───── Records for the task ─────
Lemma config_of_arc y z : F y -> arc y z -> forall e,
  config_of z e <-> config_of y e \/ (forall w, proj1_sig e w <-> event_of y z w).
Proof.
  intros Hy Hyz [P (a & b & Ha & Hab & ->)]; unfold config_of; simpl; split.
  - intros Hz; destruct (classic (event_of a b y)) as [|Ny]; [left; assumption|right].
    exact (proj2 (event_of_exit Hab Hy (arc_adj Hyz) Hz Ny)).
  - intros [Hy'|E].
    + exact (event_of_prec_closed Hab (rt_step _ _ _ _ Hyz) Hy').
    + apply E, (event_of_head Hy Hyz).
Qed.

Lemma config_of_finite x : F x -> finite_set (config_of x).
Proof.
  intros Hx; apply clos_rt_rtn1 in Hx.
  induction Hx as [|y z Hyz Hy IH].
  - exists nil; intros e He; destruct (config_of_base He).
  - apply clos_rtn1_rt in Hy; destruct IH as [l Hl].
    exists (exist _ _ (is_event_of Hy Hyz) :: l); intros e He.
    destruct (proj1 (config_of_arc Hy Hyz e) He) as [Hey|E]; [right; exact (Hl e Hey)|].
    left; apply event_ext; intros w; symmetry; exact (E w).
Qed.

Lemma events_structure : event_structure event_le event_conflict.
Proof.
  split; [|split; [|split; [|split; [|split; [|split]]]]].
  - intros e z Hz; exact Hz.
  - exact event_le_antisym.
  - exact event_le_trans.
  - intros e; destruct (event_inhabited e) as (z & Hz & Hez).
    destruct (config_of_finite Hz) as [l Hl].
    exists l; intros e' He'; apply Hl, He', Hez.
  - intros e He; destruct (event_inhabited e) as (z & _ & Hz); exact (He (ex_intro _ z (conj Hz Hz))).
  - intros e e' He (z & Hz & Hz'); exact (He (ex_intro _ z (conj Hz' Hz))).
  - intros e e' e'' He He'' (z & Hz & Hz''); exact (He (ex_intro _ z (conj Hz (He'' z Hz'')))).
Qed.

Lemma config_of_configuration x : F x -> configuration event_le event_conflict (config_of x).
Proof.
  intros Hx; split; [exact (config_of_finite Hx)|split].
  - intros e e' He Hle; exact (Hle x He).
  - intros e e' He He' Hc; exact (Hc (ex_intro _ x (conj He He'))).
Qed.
─────
───── Records for the task ─────
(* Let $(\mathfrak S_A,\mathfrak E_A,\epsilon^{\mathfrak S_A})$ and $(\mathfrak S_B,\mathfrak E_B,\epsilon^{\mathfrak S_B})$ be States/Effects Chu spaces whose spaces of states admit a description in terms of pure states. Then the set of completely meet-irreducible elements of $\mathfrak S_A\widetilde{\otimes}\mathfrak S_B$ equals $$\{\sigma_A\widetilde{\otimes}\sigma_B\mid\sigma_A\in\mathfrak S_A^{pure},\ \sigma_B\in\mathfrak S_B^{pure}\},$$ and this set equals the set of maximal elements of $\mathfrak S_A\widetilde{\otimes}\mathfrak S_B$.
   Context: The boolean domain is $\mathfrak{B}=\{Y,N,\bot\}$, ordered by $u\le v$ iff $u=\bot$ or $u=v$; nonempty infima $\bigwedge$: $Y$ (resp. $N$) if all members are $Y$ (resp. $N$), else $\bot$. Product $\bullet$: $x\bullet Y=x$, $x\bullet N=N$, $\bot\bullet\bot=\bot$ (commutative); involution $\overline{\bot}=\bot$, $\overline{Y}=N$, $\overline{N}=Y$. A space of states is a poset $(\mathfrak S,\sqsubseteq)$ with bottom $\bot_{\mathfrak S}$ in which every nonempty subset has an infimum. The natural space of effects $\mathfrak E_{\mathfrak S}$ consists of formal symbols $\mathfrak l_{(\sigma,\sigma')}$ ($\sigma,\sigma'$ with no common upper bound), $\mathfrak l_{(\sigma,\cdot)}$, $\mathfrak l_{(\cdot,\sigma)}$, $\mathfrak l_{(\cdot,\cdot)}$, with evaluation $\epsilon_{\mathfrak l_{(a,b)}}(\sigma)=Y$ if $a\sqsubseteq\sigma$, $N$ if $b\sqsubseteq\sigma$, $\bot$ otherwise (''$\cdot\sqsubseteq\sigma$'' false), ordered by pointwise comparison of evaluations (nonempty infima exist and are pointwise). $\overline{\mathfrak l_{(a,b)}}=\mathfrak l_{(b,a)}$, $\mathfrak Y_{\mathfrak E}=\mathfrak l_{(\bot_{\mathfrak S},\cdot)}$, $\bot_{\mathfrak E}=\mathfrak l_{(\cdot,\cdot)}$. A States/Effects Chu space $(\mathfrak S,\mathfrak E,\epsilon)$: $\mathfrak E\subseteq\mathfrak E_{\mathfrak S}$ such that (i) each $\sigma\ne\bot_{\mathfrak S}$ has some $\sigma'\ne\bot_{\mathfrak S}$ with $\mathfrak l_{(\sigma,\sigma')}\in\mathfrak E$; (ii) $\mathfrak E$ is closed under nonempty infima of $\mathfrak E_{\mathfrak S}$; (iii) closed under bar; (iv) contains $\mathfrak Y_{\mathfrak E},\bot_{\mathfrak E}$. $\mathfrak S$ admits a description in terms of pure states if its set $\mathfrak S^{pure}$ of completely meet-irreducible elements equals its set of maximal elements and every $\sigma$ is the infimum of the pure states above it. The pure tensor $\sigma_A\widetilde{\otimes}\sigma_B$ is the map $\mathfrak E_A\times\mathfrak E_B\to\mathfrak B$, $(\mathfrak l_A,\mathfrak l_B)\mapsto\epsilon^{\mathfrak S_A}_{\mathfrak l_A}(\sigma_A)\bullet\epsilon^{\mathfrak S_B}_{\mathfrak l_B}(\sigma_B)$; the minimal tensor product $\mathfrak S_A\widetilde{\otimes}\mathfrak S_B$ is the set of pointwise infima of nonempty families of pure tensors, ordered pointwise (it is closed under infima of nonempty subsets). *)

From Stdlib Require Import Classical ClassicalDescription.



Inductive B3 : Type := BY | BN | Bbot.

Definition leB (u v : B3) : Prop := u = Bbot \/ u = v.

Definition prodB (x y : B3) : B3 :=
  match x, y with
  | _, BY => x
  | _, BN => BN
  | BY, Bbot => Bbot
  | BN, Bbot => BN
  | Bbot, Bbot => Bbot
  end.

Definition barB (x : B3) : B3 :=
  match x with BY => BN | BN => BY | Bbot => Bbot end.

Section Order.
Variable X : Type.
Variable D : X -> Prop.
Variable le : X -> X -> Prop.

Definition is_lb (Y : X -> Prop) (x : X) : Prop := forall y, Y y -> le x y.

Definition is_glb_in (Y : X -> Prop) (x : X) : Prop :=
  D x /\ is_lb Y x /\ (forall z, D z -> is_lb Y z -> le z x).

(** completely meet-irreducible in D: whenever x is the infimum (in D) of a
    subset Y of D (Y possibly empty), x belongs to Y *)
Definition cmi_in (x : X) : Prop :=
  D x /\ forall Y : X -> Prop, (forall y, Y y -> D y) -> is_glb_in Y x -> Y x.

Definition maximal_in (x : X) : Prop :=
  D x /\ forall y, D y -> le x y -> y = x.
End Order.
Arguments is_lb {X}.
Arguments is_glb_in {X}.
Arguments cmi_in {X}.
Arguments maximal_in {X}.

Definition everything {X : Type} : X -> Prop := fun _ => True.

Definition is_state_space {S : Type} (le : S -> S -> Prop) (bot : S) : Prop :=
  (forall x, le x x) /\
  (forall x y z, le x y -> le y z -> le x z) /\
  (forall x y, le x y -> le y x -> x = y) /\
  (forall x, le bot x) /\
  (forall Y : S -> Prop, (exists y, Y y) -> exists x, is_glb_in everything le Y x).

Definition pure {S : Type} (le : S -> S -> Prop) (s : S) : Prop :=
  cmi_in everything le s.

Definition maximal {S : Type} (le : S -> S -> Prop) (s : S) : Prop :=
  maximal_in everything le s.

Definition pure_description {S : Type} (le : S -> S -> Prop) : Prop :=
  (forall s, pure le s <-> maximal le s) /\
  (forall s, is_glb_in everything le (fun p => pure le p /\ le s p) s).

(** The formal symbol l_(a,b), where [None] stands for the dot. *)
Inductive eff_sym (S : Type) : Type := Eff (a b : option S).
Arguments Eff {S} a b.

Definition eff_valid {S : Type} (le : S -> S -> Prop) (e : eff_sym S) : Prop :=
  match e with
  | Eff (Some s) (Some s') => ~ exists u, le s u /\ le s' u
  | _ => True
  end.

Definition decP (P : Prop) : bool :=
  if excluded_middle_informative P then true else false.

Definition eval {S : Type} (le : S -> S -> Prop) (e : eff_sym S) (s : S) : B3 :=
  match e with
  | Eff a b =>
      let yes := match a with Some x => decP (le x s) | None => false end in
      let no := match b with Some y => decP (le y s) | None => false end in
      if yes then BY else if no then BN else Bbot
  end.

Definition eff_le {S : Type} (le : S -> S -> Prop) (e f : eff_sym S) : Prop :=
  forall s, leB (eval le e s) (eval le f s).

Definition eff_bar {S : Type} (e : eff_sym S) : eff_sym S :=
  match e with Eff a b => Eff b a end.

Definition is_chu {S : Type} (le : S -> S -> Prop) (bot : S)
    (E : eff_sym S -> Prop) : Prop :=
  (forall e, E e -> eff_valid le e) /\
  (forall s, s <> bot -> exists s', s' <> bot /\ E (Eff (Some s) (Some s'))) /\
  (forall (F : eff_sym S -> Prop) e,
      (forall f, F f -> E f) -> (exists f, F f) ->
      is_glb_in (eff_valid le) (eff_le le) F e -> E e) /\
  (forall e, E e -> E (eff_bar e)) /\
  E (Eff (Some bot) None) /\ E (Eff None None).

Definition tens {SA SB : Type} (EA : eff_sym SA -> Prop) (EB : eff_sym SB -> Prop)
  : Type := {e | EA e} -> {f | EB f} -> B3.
─────
_Task prompt_. From the listing above, return the lines starting at the one with "Inductive B3 : Type := BY | BN | Bbot." and ending at the one with "match x with", both kept, exactly as they appear and nothing more.

_Answer to this task_.
Inductive B3 : Type := BY | BN | Bbot.

Definition leB (u v : B3) : Prop := u = Bbot \/ u = v.

Definition prodB (x y : B3) : B3 :=
  match x, y with
  | _, BY => x
  | _, BN => BN
  | BY, Bbot => Bbot
  | BN, Bbot => BN
  | Bbot, Bbot => Bbot
  end.

Definition barB (x : B3) : B3 :=
  match x with BY => BN | BN => BY | Bbot => Bbot end.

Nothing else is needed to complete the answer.